- Saved entries:
══════════
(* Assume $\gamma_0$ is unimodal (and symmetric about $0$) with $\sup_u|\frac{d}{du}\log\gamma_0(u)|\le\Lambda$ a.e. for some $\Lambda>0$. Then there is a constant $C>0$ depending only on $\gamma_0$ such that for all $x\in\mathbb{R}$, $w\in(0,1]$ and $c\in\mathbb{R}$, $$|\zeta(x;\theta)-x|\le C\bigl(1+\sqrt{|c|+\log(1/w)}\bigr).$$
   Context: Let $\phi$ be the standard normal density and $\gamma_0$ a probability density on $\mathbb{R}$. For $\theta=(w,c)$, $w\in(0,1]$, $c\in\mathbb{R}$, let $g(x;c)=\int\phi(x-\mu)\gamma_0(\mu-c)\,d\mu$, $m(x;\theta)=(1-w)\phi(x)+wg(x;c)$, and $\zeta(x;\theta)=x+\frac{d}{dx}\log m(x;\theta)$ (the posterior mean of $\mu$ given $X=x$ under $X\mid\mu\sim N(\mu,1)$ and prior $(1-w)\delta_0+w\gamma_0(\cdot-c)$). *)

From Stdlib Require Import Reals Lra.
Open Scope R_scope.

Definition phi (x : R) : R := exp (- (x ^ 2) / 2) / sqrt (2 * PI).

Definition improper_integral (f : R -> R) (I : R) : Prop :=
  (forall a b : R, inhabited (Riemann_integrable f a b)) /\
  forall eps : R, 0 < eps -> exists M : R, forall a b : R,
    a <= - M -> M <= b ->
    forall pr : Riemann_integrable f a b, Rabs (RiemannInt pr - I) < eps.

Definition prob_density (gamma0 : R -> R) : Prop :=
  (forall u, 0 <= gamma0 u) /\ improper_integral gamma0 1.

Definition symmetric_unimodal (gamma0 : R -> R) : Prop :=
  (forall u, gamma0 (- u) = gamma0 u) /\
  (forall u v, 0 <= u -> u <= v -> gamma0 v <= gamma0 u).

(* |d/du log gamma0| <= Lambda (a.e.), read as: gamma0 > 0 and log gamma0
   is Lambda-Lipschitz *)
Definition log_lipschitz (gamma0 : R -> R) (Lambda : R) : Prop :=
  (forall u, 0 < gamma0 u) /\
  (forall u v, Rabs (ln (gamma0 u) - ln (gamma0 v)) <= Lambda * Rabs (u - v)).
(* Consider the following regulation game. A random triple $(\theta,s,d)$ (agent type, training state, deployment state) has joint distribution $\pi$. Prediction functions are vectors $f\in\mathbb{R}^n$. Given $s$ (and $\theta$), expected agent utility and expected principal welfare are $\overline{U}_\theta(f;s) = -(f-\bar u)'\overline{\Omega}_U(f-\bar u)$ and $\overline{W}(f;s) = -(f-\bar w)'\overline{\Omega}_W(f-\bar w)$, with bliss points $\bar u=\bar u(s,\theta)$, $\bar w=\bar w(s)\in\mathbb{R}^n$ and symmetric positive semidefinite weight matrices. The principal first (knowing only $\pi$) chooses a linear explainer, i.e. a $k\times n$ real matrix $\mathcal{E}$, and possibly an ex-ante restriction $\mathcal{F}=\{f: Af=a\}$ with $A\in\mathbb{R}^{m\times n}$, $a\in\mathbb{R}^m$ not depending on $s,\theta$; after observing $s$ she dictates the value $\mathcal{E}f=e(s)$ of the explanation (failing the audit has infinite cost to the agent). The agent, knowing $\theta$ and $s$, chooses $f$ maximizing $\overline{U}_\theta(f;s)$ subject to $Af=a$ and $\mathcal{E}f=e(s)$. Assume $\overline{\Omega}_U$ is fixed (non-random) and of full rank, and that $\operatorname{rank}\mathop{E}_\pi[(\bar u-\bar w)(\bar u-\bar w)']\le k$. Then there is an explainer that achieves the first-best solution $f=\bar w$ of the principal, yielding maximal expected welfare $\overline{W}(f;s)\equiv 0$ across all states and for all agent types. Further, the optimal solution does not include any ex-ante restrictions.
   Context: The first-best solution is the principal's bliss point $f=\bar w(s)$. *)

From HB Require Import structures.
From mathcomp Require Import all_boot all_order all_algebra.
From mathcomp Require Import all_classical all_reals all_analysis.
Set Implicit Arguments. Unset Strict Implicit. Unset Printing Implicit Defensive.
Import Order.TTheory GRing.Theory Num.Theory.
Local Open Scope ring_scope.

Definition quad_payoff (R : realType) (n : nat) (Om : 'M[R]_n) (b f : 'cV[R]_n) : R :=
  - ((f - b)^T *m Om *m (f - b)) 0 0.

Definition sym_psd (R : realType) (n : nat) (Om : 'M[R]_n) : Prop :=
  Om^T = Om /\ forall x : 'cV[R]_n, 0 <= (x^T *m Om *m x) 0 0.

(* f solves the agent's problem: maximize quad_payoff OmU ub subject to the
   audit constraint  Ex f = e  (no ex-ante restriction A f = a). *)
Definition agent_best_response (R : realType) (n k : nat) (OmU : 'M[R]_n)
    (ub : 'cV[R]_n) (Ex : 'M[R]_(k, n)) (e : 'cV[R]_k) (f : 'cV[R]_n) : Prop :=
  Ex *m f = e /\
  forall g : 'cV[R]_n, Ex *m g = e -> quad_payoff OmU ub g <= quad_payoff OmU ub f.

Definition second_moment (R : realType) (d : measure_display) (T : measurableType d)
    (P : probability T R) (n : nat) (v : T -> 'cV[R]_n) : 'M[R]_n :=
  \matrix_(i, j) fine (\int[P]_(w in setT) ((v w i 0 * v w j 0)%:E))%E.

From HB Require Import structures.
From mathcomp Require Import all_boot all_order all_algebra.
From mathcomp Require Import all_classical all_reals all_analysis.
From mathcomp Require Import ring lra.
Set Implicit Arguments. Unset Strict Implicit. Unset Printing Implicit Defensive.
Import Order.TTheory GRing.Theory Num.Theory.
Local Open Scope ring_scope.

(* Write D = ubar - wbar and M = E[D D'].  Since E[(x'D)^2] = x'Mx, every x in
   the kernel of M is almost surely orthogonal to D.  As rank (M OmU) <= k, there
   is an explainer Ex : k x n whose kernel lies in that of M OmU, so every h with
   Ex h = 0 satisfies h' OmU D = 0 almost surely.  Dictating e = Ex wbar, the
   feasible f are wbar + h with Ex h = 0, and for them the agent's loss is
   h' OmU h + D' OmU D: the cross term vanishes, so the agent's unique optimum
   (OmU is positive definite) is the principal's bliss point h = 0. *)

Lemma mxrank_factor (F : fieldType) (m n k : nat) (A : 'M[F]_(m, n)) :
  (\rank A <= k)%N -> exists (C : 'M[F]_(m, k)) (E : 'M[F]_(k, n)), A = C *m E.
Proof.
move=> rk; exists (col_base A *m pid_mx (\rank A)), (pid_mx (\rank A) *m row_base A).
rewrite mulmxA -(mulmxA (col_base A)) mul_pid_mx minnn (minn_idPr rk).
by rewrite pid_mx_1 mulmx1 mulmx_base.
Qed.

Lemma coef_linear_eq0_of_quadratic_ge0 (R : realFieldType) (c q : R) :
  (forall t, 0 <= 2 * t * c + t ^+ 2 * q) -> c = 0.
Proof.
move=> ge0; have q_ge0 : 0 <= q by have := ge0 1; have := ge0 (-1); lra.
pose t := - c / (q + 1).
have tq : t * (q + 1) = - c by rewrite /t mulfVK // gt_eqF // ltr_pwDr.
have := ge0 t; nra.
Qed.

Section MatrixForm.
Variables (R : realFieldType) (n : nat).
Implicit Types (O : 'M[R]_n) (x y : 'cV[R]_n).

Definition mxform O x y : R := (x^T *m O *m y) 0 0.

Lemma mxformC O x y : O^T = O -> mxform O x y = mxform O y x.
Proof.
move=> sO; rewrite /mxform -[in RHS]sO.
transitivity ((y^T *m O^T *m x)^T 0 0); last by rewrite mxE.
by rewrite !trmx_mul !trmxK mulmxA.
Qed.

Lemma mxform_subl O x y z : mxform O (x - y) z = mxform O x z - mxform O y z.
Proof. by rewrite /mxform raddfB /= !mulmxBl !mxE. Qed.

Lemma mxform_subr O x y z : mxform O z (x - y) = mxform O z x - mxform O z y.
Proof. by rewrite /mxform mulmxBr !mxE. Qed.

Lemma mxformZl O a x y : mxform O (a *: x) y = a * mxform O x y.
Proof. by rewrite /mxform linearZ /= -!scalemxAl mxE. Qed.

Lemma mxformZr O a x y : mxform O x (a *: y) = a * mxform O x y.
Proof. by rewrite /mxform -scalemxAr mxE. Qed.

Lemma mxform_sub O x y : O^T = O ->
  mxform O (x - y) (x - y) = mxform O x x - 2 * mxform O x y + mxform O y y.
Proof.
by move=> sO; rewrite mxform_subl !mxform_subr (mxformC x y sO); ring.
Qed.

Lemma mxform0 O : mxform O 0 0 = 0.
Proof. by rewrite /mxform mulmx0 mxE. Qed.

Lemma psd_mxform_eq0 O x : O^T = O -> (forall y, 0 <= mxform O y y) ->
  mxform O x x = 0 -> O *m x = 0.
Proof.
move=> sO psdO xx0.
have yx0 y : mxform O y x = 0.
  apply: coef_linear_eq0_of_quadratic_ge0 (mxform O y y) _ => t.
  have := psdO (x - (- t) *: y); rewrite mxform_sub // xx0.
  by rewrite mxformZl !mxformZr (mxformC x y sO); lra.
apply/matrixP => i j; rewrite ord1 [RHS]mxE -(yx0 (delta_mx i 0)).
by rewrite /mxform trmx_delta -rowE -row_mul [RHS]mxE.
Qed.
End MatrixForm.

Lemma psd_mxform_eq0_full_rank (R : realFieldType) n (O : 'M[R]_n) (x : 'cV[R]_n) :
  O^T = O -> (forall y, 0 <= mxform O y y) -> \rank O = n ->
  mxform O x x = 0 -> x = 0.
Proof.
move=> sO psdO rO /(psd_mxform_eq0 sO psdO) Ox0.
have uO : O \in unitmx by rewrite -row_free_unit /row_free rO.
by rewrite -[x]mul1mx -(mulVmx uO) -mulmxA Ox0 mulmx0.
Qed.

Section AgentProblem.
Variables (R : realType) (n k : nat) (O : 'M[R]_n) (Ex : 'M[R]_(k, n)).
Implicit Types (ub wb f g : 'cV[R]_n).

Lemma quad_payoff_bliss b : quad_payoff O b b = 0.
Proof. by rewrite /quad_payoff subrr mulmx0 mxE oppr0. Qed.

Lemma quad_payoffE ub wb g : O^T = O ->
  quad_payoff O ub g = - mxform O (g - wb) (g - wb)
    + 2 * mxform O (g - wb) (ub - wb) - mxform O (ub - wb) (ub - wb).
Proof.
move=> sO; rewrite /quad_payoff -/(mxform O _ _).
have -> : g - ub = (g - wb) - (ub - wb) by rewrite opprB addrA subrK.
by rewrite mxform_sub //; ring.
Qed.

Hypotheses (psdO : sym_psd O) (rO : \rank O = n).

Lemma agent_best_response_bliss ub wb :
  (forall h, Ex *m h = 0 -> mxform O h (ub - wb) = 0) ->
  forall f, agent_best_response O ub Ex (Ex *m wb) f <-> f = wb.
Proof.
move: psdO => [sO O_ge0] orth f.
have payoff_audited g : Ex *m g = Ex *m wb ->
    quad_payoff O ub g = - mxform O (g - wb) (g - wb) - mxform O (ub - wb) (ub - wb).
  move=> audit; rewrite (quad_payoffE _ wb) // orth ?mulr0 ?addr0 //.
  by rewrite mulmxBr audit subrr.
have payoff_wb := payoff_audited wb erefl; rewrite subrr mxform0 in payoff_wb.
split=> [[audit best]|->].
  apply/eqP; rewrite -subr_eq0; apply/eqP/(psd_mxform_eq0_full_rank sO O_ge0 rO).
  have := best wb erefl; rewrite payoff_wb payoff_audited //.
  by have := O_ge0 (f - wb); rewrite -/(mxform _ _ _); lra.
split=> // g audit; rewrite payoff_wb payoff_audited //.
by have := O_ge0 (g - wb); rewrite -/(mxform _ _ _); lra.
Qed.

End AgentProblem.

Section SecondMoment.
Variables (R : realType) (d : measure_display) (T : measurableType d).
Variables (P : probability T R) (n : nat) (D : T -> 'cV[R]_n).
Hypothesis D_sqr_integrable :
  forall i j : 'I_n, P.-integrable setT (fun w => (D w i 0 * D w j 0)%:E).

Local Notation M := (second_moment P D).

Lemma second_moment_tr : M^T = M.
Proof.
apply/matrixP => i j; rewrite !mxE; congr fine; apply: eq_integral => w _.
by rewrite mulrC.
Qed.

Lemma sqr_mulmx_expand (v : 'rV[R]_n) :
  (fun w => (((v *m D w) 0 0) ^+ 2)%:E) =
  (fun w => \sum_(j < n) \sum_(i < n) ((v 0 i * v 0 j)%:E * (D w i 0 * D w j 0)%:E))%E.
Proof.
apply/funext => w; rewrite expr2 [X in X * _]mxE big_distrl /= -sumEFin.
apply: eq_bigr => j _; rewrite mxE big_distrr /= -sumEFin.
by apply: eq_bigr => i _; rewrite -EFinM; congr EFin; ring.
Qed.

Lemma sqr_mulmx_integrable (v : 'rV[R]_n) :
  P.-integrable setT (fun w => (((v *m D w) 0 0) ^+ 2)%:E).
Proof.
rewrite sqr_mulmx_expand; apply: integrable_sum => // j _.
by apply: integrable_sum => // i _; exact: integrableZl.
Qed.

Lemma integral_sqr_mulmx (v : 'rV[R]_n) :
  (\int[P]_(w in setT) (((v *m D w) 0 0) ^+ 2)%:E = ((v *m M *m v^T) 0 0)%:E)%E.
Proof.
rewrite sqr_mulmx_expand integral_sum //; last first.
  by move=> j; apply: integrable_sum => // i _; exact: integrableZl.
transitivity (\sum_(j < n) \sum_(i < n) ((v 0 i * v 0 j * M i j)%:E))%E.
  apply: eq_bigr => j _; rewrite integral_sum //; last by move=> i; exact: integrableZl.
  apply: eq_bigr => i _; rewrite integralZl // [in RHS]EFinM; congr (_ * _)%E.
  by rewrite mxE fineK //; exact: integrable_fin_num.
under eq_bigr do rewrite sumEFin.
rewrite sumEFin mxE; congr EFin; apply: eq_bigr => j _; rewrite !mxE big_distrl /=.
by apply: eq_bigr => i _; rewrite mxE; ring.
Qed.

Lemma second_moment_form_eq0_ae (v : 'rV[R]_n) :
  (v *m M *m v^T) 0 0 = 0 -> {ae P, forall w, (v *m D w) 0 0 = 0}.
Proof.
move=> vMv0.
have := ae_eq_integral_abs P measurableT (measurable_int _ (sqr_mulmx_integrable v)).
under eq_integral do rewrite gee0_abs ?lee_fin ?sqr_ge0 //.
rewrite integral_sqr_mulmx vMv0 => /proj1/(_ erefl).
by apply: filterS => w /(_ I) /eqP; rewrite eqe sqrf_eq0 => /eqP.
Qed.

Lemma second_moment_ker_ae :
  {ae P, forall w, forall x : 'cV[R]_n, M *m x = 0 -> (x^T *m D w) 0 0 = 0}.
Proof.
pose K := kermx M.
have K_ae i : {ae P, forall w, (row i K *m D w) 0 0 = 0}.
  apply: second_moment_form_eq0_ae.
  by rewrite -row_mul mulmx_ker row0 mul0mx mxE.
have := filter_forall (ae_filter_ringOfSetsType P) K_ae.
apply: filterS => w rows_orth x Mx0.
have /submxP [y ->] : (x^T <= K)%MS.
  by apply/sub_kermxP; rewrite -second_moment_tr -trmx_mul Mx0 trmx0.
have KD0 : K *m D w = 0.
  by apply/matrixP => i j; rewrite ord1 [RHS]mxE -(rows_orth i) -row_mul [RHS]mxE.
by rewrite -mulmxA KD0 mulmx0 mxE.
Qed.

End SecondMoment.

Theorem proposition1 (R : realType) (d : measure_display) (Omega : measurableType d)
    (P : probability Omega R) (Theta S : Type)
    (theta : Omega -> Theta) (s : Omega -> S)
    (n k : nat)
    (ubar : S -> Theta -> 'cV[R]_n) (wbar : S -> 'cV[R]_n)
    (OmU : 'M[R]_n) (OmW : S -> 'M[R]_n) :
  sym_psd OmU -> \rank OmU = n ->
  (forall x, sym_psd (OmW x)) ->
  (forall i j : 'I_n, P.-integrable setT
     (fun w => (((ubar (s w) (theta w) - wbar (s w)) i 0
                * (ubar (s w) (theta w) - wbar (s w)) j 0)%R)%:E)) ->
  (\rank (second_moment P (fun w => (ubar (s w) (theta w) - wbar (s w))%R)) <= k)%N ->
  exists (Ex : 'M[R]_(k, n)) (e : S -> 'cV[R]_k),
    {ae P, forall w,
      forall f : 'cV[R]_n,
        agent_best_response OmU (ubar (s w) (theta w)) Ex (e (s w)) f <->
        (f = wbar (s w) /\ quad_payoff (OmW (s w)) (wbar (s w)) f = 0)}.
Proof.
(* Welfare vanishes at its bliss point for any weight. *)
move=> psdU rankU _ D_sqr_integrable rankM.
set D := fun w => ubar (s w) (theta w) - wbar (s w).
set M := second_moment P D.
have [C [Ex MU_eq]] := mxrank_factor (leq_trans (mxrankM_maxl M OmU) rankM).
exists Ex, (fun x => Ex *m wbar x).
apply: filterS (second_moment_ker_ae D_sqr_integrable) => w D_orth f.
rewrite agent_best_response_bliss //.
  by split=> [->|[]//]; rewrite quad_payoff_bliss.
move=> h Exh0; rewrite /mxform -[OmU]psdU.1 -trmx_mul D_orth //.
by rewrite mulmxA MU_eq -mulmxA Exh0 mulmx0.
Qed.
══════════
- TASK INSTRUCTIONS:
Out of the entries above, write out only the lines between the line holding "have := ae_eq_integral_abs" and the line holding "agent_best_response OmU (ubar", inclusive, each exactly as given.

- TASK OUTPUT:
have := ae_eq_integral_abs P measurableT (measurable_int _ (sqr_mulmx_integrable v)).
under eq_integral do rewrite gee0_abs ?lee_fin ?sqr_ge0 //.
rewrite integral_sqr_mulmx vMv0 => /proj1/(_ erefl).
by apply: filterS => w /(_ I) /eqP; rewrite eqe sqrf_eq0 => /eqP.
Qed.

Lemma second_moment_ker_ae :
  {ae P, forall w, forall x : 'cV[R]_n, M *m x = 0 -> (x^T *m D w) 0 0 = 0}.
Proof.
pose K := kermx M.
have K_ae i : {ae P, forall w, (row i K *m D w) 0 0 = 0}.
  apply: second_moment_form_eq0_ae.
  by rewrite -row_mul mulmx_ker row0 mul0mx mxE.
have := filter_forall (ae_filter_ringOfSetsType P) K_ae.
apply: filterS => w rows_orth x Mx0.
have /submxP [y ->] : (x^T <= K)%MS.
  by apply/sub_kermxP; rewrite -second_moment_tr -trmx_mul Mx0 trmx0.
have KD0 : K *m D w = 0.
  by apply/matrixP => i j; rewrite ord1 [RHS]mxE -(rows_orth i) -row_mul [RHS]mxE.
by rewrite -mulmxA KD0 mulmx0 mxE.
Qed.

End SecondMoment.

Theorem proposition1 (R : realType) (d : measure_display) (Omega : measurableType d)
    (P : probability Omega R) (Theta S : Type)
    (theta : Omega -> Theta) (s : Omega -> S)
    (n k : nat)
    (ubar : S -> Theta -> 'cV[R]_n) (wbar : S -> 'cV[R]_n)
    (OmU : 'M[R]_n) (OmW : S -> 'M[R]_n) :
  sym_psd OmU -> \rank OmU = n ->
  (forall x, sym_psd (OmW x)) ->
  (forall i j : 'I_n, P.-integrable setT
     (fun w => (((ubar (s w) (theta w) - wbar (s w)) i 0
                * (ubar (s w) (theta w) - wbar (s w)) j 0)%R)%:E)) ->
  (\rank (second_moment P (fun w => (ubar (s w) (theta w) - wbar (s w))%R)) <= k)%N ->
  exists (Ex : 'M[R]_(k, n)) (e : S -> 'cV[R]_k),
    {ae P, forall w,
      forall f : 'cV[R]_n,
        agent_best_response OmU (ubar (s w) (theta w)) Ex (e (s w)) f <->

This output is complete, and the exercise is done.